WHAT IS EXPECTED | Starting with the line that contains "(* If $\Gamma_G$" and stopping after the line that contains "[forall f in M, forall", return each line below exactly as written, with no others.

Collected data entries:
Start of Block

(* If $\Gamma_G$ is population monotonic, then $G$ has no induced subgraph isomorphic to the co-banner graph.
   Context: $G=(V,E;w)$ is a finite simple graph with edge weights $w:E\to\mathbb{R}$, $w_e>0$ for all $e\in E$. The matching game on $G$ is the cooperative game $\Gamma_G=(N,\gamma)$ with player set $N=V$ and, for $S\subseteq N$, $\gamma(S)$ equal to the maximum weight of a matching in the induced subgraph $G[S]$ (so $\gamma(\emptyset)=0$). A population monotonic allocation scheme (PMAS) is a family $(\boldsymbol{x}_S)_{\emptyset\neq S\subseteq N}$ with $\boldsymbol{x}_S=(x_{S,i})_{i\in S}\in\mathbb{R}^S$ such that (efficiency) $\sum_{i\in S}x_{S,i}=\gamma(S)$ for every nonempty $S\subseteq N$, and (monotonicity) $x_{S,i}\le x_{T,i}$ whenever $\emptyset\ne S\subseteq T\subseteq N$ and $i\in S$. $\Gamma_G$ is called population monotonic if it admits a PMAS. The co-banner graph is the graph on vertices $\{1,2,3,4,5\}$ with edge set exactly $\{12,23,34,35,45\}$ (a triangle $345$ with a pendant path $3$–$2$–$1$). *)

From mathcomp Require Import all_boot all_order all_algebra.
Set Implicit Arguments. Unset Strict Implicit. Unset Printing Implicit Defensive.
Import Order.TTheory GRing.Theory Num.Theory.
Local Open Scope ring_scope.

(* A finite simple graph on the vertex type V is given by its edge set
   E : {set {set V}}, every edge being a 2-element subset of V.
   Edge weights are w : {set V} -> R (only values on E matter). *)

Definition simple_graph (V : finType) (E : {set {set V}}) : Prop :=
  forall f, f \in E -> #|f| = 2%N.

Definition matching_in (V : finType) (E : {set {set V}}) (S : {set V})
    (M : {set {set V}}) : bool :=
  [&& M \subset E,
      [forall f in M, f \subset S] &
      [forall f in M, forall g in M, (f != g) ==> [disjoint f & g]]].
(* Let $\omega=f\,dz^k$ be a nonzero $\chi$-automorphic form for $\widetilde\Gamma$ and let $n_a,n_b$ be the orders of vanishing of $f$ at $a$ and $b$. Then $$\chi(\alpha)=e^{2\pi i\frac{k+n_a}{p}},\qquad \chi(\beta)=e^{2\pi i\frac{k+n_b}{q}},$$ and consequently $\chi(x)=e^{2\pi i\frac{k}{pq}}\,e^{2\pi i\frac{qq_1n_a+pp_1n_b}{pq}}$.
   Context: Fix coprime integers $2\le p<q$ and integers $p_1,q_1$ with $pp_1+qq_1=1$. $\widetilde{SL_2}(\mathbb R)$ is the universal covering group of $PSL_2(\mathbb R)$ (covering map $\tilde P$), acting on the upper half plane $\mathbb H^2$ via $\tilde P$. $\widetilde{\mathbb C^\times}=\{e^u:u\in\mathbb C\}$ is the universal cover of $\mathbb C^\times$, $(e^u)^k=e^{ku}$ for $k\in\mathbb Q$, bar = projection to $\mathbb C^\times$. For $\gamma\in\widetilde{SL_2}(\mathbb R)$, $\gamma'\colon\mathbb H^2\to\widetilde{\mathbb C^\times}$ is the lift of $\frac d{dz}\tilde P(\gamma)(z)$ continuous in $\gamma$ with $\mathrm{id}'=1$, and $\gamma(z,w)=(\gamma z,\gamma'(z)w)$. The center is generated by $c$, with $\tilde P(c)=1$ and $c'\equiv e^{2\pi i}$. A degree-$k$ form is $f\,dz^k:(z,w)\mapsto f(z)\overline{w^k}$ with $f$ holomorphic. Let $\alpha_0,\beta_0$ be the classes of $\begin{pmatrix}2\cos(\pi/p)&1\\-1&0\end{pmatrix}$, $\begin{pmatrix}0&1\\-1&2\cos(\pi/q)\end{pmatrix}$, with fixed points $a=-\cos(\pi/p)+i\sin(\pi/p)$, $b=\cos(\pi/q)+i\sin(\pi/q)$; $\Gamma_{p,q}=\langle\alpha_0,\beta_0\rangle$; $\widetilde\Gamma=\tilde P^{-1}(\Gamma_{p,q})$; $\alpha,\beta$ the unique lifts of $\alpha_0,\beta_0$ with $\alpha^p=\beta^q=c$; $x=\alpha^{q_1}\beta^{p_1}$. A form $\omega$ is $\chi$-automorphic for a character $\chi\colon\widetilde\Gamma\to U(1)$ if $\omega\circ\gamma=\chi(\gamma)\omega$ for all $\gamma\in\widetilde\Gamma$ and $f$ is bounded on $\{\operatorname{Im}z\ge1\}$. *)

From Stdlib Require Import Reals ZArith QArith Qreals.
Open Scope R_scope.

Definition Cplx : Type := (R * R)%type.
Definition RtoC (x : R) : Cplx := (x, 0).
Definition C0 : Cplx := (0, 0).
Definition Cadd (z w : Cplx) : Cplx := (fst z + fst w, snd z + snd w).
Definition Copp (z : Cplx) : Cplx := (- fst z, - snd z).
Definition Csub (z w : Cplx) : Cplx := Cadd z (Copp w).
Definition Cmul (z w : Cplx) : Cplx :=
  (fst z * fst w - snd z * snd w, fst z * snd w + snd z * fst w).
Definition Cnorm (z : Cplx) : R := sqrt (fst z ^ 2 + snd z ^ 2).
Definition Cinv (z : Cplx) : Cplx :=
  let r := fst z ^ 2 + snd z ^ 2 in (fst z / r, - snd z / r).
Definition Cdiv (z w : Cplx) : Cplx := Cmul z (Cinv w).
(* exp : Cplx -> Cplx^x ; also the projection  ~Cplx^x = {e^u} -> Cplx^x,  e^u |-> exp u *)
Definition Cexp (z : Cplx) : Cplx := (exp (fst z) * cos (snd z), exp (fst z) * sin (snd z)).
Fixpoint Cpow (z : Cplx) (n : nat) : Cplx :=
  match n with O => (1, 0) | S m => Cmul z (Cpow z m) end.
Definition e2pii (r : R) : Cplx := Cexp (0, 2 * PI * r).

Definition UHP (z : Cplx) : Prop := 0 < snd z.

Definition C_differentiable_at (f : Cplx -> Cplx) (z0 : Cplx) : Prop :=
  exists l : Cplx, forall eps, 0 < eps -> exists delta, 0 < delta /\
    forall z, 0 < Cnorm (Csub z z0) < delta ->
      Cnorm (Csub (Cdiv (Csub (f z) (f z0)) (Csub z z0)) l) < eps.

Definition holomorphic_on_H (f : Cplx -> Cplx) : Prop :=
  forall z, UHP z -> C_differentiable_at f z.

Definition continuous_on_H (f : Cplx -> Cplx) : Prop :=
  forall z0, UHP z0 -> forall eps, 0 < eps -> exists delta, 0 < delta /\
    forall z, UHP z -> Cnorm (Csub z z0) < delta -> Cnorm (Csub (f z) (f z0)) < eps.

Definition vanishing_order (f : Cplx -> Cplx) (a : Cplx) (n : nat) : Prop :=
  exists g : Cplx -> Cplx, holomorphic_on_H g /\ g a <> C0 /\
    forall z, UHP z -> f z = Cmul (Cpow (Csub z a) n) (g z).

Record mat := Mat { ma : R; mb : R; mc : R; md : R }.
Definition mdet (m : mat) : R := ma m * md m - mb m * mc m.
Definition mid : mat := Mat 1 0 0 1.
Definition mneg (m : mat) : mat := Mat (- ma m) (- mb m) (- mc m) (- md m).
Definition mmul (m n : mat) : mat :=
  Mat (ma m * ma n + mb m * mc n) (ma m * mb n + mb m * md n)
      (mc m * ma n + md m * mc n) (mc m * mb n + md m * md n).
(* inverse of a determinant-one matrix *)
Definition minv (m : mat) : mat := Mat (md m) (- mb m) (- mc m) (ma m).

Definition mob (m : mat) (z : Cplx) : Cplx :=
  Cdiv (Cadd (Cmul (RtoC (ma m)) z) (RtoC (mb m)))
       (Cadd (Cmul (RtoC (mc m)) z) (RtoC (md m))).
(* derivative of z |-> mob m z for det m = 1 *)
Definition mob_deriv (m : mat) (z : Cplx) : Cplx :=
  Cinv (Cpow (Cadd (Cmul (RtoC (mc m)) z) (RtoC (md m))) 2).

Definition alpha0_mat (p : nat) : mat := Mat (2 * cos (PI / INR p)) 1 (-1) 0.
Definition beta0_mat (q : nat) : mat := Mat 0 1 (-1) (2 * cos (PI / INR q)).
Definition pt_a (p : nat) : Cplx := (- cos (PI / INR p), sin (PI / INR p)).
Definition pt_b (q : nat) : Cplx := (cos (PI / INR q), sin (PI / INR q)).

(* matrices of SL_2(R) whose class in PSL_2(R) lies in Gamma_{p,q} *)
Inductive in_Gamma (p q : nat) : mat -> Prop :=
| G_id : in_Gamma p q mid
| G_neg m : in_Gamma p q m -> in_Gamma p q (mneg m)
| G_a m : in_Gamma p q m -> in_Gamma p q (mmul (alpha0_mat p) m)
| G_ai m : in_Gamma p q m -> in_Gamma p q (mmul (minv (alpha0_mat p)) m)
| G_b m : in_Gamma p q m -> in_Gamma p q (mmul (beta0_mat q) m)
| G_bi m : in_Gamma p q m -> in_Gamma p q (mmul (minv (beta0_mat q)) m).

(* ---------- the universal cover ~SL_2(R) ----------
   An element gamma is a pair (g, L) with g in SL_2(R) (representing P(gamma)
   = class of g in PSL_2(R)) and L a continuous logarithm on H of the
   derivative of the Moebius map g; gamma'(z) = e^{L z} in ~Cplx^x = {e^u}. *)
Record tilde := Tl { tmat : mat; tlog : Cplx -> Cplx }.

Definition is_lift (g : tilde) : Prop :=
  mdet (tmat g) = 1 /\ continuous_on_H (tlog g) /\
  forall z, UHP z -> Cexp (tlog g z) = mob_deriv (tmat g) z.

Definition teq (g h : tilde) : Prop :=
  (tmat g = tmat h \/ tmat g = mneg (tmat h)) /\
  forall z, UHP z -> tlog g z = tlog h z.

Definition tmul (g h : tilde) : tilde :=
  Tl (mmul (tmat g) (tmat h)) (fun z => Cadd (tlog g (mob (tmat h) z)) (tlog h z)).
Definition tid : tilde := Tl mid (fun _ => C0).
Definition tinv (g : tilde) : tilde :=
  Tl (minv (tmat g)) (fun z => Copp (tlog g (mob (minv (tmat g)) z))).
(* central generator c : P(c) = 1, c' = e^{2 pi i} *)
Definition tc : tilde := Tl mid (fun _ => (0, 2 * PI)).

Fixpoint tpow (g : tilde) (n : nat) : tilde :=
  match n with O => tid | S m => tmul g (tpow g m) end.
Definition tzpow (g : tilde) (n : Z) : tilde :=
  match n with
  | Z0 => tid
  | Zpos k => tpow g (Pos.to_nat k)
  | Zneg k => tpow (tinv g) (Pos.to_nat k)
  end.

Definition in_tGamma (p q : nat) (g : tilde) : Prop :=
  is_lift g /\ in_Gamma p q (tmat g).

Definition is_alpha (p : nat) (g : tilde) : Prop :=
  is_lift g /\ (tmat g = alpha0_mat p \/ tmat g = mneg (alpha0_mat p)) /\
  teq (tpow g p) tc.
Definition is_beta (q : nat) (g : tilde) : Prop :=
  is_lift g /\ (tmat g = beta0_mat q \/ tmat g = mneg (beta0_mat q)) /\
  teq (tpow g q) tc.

End of Block
Start of Block

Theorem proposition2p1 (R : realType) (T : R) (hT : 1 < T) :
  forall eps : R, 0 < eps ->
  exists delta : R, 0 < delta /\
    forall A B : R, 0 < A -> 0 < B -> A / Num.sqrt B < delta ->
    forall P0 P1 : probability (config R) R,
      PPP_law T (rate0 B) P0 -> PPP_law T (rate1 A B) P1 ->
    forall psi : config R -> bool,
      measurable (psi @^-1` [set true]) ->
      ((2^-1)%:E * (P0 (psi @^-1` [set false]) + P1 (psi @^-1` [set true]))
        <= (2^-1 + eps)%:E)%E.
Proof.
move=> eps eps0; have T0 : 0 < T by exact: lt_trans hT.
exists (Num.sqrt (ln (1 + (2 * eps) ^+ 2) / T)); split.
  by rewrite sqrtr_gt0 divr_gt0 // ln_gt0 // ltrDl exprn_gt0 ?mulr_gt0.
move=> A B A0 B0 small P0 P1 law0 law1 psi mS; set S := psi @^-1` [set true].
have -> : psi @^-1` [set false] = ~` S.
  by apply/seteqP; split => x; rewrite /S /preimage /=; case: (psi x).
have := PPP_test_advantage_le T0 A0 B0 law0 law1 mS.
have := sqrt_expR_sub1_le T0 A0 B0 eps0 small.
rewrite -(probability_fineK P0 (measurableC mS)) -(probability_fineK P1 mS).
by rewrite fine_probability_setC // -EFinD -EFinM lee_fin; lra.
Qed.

End of Block

WORKED SOLUTION |
(* If $\Gamma_G$ is population monotonic, then $G$ has no induced subgraph isomorphic to the co-banner graph.
   Context: $G=(V,E;w)$ is a finite simple graph with edge weights $w:E\to\mathbb{R}$, $w_e>0$ for all $e\in E$. The matching game on $G$ is the cooperative game $\Gamma_G=(N,\gamma)$ with player set $N=V$ and, for $S\subseteq N$, $\gamma(S)$ equal to the maximum weight of a matching in the induced subgraph $G[S]$ (so $\gamma(\emptyset)=0$). A population monotonic allocation scheme (PMAS) is a family $(\boldsymbol{x}_S)_{\emptyset\neq S\subseteq N}$ with $\boldsymbol{x}_S=(x_{S,i})_{i\in S}\in\mathbb{R}^S$ such that (efficiency) $\sum_{i\in S}x_{S,i}=\gamma(S)$ for every nonempty $S\subseteq N$, and (monotonicity) $x_{S,i}\le x_{T,i}$ whenever $\emptyset\ne S\subseteq T\subseteq N$ and $i\in S$. $\Gamma_G$ is called population monotonic if it admits a PMAS. The co-banner graph is the graph on vertices $\{1,2,3,4,5\}$ with edge set exactly $\{12,23,34,35,45\}$ (a triangle $345$ with a pendant path $3$–$2$–$1$). *)

From mathcomp Require Import all_boot all_order all_algebra.
Set Implicit Arguments. Unset Strict Implicit. Unset Printing Implicit Defensive.
Import Order.TTheory GRing.Theory Num.Theory.
Local Open Scope ring_scope.

(* A finite simple graph on the vertex type V is given by its edge set
   E : {set {set V}}, every edge being a 2-element subset of V.
   Edge weights are w : {set V} -> R (only values on E matter). *)

Definition simple_graph (V : finType) (E : {set {set V}}) : Prop :=
  forall f, f \in E -> #|f| = 2%N.

Definition matching_in (V : finType) (E : {set {set V}}) (S : {set V})
    (M : {set {set V}}) : bool :=
  [&& M \subset E,
      [forall f in M, f \subset S] &
      [forall f in M, forall g in M, (f != g) ==> [disjoint f & g]]].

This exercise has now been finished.